Smile of the Day

Life is getting much too serious, yes? Who doesn't need a daily smile?




Tuesday, September 19

Additions to the lexicon

The Washington Post's "Mensa Invitational" asked readers to take any word from the dictionary, alter it by adding, subtracting or changing one letter to create a new word, and then to supply an appropriate definition for the new word. Here are some of the winners.

ARACHNOLEPTIC FIT: The frantic dance performed just after you have accidentally walked through a spider web.

BEELZEBUG: Satan in the form of a mosquito, that gets into your bedroom at three in the morning and cannot be cast out.

BOZONE: The substance surrounding stupid people that stop bright ideas from penetrating. The bozone layer, unfortunately, shows little sign of breaking down in the near future.

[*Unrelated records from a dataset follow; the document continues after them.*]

Definition small {T : Type} (K : Type) (X : T -> Prop) : Prop :=
  card_lt {x : T | X x} K.

Record cba := CBA {
  car :> Type;
  le : car -> car -> Prop;
  sup : (car -> Prop) -> car;
  compl : car -> car;
  le_refl : forall x, le x x;
  le_antisym : forall x y, le x y -> le y x -> x = y;
  le_trans : forall x y z, le x y -> le y z -> le x z;
  sup_ub : forall (X : car -> Prop) x, X x -> le x (sup X);
  sup_least : forall (X : car -> Prop) z, (forall x, X x -> le x z) -> le (sup X) z;
  (* distributivity and complementation (stated via derived operations below) *)
  distr : forall x y z,
    sup (fun w => forall v, (v = x \/ v = sup (fun u => u = y \/ u = z)) -> le w v)
    = sup (fun u => u = sup (fun w => forall v, (v = x \/ v = y) -> le w v)
                 \/ u = sup (fun w => forall v, (v = x \/ v = z) -> le w v));
  compl_meet : forall x,
    sup (fun w => forall v, (v = x \/ v = compl x) -> le w v) = sup (fun _ => False);
  compl_join : forall x,
    sup (fun u => u = x \/ u = compl x) = sup (fun _ => True)
}.

Arguments le {c} _ _.
Arguments sup {c} _.
Arguments compl {c} _.

Definition inf {A : cba} (X : A -> Prop) : A := sup (fun w => forall v, X v -> le w v).
Definition join {A : cba} (x y : A) : A := sup (fun u => u = x \/ u = y).
Definition meet {A : cba} (x y : A) : A := inf (fun u => u = x \/ u = y).
Definition bot {A : cba} : A := sup (fun _ => False).
Definition top {A : cba} : A := sup (fun _ => True).

Definition image {T U : Type} (f : T -> U) (X : T -> Prop) : U -> Prop :=
  fun y => exists x, X x /\ y = f x.

Record cma := CMA {
  ba :> cba;
  dia : ba -> ba;
  dia_bot : dia bot = bot;
  dia_join : forall x y, dia (join x y) = join (dia x) (dia y)
}.

Definition is_atom {A : cba} (a : A) : Prop :=
  a <> bot /\ forall x, le x a -> x = bot \/ x = a.

Definition atomic (A : cba) : Prop :=
  forall x : A, x <> bot -> x = sup (fun a => is_atom a /\ le a x).

Definition additive (K : Type) (A : cma) : Prop :=
  forall X : A -> Prop, small K X -> dia A (sup X) = sup (image (dia A) X).

Definition cma_hom {A B : cma} (f : A -> B) : Prop :=
  (forall X : A -> Prop, f (sup X) = sup (image f X)) /\
  (forall X : A -> Prop, f (inf X) = inf (image f X)) /\
  (forall x y, f (join x y) = join (f x) (f y)) /\
  (forall x y, f (meet x y) = meet (f x) (f y)) /\
  f bot = bot /\ f top = top /\
  (forall x, f (compl x) = compl (f x)) /\
  (forall x, f (dia A x) = dia B (f x)).

(* lower adjoint f_*(b) = /\ { x in A | b <= f x } *)
Definition lower {A B : cma} (f : A -> B) (b : B) : A :=
  inf (fun x : A => le b (f x)).

Record mframe := MFrame {
  wt : Type;
  worlds : wt -> Prop;
  idx : Type;
  rels : idx -> wt -> wt -> Prop
}.

Definition frame_hom (F1 F2 : mframe) (g : wt F1 -> wt F2) : Prop :=
  (forall x, worlds F1 x -> worlds F2 (g x)) /\
  (forall x, worlds F1 x -> forall i2 : idx F2, exists i1 : idx F1,
      forall y, worlds F1 y -> rels F1 i1 x y -> rels F2 i2 (g x) (g y)) /\
  (forall x, worlds F1 x -> forall i1 : idx F1, exists i2 : idx F2,
      forall u, worlds F2 u -> rels F2 i2 (g x) u ->
        exists y, worlds F1 y /\ rels F1 i1 x y /\ g y = u).

Definition relR {A : cma} (X : A -> Prop) (a c : A) : Prop :=
  le a (inf (fun y => exists x, X x /\ le c x /\ y = dia A x)).

Definition frameF (K : Type) (A : cma) : mframe :=
  @MFrame (car A) (@is_atom A) {X : A -> Prop | small K X}
          (fun X => relR (proj1_sig X)).

(* F(f) = f_* maps atoms to atoms because f preserves complements, so an atom
   b lies below f x or below f (compl x).  Forth: for X in A, f_* sends
   R(f[X])-pairs to R(X)-pairs, since f commutes with the diamond and
   c <= f (f_* c).  Back: given an atom b and a small Y, let s be the join of
   those y in Y with b not below dia y, and take the single element f^*(s), the
   upper adjoint of f at s.  By additivity, b is not below dia s, so no atom
   below f^*(s) is an R({f^*(s)})-successor of f_* b; any other successor u has
   f u not below s, and an atom c below f u /\ compl s is an R(Y)-successor of
   b with f_* c = u. *)

From Stdlib Require Import Classical ClassicalEpsilon ProofIrrelevance.

Set Implicit Arguments.
Unset Strict Implicit.

Section BooleanAlgebra.

Variable A : cba.
Implicit Types (x y z : A) (X Z : A -> Prop).

Lemma inf_lb X x : X x -> le (inf X) x.
Proof. intros Hx. apply sup_least. intros w Hw. exact (Hw x Hx). Qed.

Lemma le_inf X z : (forall x, X x -> le z x) -> le z (inf X).
Proof. intros H. apply sup_ub. exact H. Qed.

Lemma bot_le x : le bot x.
Proof. apply sup_least. intros _ []. Qed.

Lemma le_top x : le x top.
Proof. apply sup_ub. exact I. Qed.

Lemma le_bot_eq x : le x bot -> x = bot.
Proof. intros H. apply le_antisym; [exact H | apply bot_le]. Qed.

Lemma join_ub_l x y : le x (join x y).
Proof. apply sup_ub. left. reflexivity. Qed.

Lemma join_ub_r x y : le y (join x y).
Proof. apply sup_ub. right. reflexivity. Qed.

Lemma join_least x y z : le x z -> le y z -> le (join x y) z.
Proof. intros Hx Hy. apply sup_least. intros w [-> | ->]; assumption. Qed.

Lemma join_le_eq x y : le x y -> join x y = y.
Proof.
  intros H. apply le_antisym.
  - apply join_least; [exact H | apply le_refl].
  - apply join_ub_r.
Qed.

Lemma meet_lb_l x y : le (meet x y) x.
Proof. apply inf_lb. left. reflexivity. Qed.

Lemma meet_lb_r x y : le (meet x y) y.
Proof. apply inf_lb. right. reflexivity. Qed.

Lemma le_meet x y z : le z x -> le z y -> le z (meet x y).
Proof. intros Hx Hy. apply le_inf. intros v [-> | ->]; assumption. Qed.

Lemma meet_comm x y : meet x y = meet y x.
Proof. apply le_antisym; apply le_meet; (apply meet_lb_l || apply meet_lb_r). Qed.

Lemma meet_join_distr x y z : meet x (join y z) = join (meet x y) (meet x z).
Proof. exact (distr A x y z). Qed.

Lemma meet_compl x : meet x (compl x) = bot.
Proof. exact (compl_meet A x). Qed.

Lemma join_compl x : join x (compl x) = top.
Proof. exact (compl_join A x). Qed.

Lemma le_meet_compl_split x z :
  le x (join (meet x z) (meet x (compl z))).
Proof.
  rewrite <- meet_join_distr.
  apply le_meet; [apply le_refl |].
  rewrite join_compl. apply le_top.
Qed.

Lemma le_of_meet_compl x z : meet x (compl z) = bot -> le x z.
Proof.
  intros H. eapply le_trans; [apply (le_meet_compl_split x z) |].
  rewrite H. apply join_least; [apply meet_lb_r | apply bot_le].
Qed.

Lemma le_compl_of_meet x z : meet x z = bot -> le x (compl z).
Proof.
  intros H. eapply le_trans; [apply (le_meet_compl_split x z) |].
  rewrite H. apply join_least; [apply bot_le | apply meet_lb_r].
Qed.

Lemma le_compl_bot x z : le x z -> le x (compl z) -> x = bot.
Proof.
  intros Hz Hc. apply le_bot_eq.
  rewrite <- (meet_compl z). exact (le_meet Hz Hc).
Qed.

Lemma le_compl_sym x z : le x (compl z) -> le z (compl x).
Proof.
  intros H. apply le_compl_of_meet, le_bot_eq.
  rewrite meet_comm, <- (meet_compl z).
  apply le_meet; [apply meet_lb_r | eapply le_trans; [apply meet_lb_l | exact H]].
Qed.

Lemma atom_le_or_le_compl (b : A) z : is_atom b -> le b z \/ le b (compl z).
Proof.
  intros [_ Hb]. destruct (Hb (meet b z) (meet_lb_l b z)) as [H | H].
  - right. apply le_compl_of_meet. exact H.
  - left. rewrite <- H. apply meet_lb_r.
Qed.

Lemma atom_le_sup (b : A) Z : is_atom b -> le b (sup Z) -> exists z, Z z /\ le b z.
Proof.
  intros Hb H. apply NNPP. intros Hn.
  assert (HZ : le (sup Z) (compl b)).
  { apply sup_least. intros z Hz.
    destruct (atom_le_or_le_compl z Hb) as [Hbz | Hbz].
    - exfalso. apply Hn. exists z. split; assumption.
    - apply le_compl_sym. exact Hbz. }
  apply (proj1 Hb), (le_compl_bot (le_refl A b)), (le_trans _ _ _ _ H HZ).
Qed.

Lemma atomic_atom_below x : atomic A -> x <> bot -> exists a, is_atom a /\ le a x.
Proof.
  intros HA Hx. apply NNPP. intros Hn. apply Hx.
  rewrite (HA x Hx). apply le_bot_eq, sup_least.
  intros a Ha. exfalso. apply Hn. exists a. exact Ha.
Qed.

End BooleanAlgebra.

Lemma join_hom_monotone (A B : cba) (g : A -> B) :
  (forall x y, g (join x y) = join (g x) (g y)) ->
  forall x y, le x y -> le (g x) (g y).
Proof.
  intros Hg x y H. rewrite <- (join_le_eq H), Hg. apply join_ub_l.
Qed.

Lemma dia_monotone (A : cma) (x y : A) : le x y -> le (dia A x) (dia A y).
Proof. apply join_hom_monotone, dia_join. Qed.

Section Smallness.

Variable K : Type.

Lemma card_le_lt (T U : Type) : card_le T U -> card_lt U K -> card_lt T K.
Proof.
  intros [h Hh] [[g Hg] Hn]. split.
  - exists (fun t => g (h t)). intros t t' E. apply Hh, Hg, E.
  - intros [k Hk]. apply Hn. exists (fun a => h (k a)). intros a a' E. apply Hk, Hh, E.
Qed.

Lemma small_sub (T : Type) (X Z : T -> Prop) :
  (forall x, Z x -> X x) -> small K X -> small K Z.
Proof.
  intros HZ. apply card_le_lt.
  exists (fun p => exist X (proj1_sig p) (HZ _ (proj2_sig p))).
  intros [x Hx] [y Hy] E. apply subset_eq_compat.
  exact (f_equal (@proj1_sig _ _) E).
Qed.

Lemma small_image (T U : Type) (f : T -> U) (X : T -> Prop) :
  small K X -> small K (image f X).
Proof.
  apply card_le_lt.
  exists (fun p => let w := constructive_indefinite_description _ (proj2_sig p) in
                   exist X (proj1_sig w) (proj1 (proj2_sig w))).
  intros [y Hy] [y' Hy'] E. apply subset_eq_compat.
  apply (f_equal (@proj1_sig _ _)) in E. simpl in E.
  destruct (constructive_indefinite_description _ Hy) as [x [Hx Ey]].
  destruct (constructive_indefinite_description _ Hy') as [x' [Hx' Ey']].
  simpl in E. rewrite Ey, Ey', E. reflexivity.
Qed.

Lemma small_singleton (T : Type) (x0 : T) : regular_cardinal K -> small K (fun x => x = x0).
Proof.
  intros [[n Hn] _].
  assert (Hsub : forall p q : {x | x = x0}, p = q).
  { intros [x Hx] [y Hy]. apply subset_eq_compat. congruence. }
  split.
  - exists (fun _ => n 0). intros p q _. apply Hsub.
  - intros [k Hk]. assert (E : n 0 = n 1) by (apply Hk, Hsub).
    apply Hn in E. discriminate.
Qed.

CASHTRATION: The act of buying a house, which renders the subject financially impotent for an indefinite period.

CATERPALLOR: The color you turn after finding half a worm in the fruit you are eating.

DECAFALON: The grueling event of getting through the day consuming only things that are good for you.

DOPELER EFFECT: The tendency of stupid ideas to seem smarter when they come at you rapidly (usually after a few drinks).

FOREPLOY: Any misrepresentation about yourself for the purpose of obtaining sex.

GIRAFFITI: Vandalism spray-painted very high.

GLIBIDO: All talk and no action.

HIPATITIIS: Terminal coolness.

INOCULATTE: To take coffee intravenously when you are running late.

INTAXICATION: Euphoria at getting a tax refund from the IRS, which lasts until you realise it was your money to start with.

KARMAGEDDON: It's like, when everybody is sending off all these really bad vibes, right? And then, like, the Earth explodes and it's like a serious bummer.

OSTEOPORNOSIS: A degenerate disease.

REINTARNATION: Coming back to life as a hillbilly.

SARCHASM: The gulf between the author of sarcastic wit and the recipient who doesn't get it.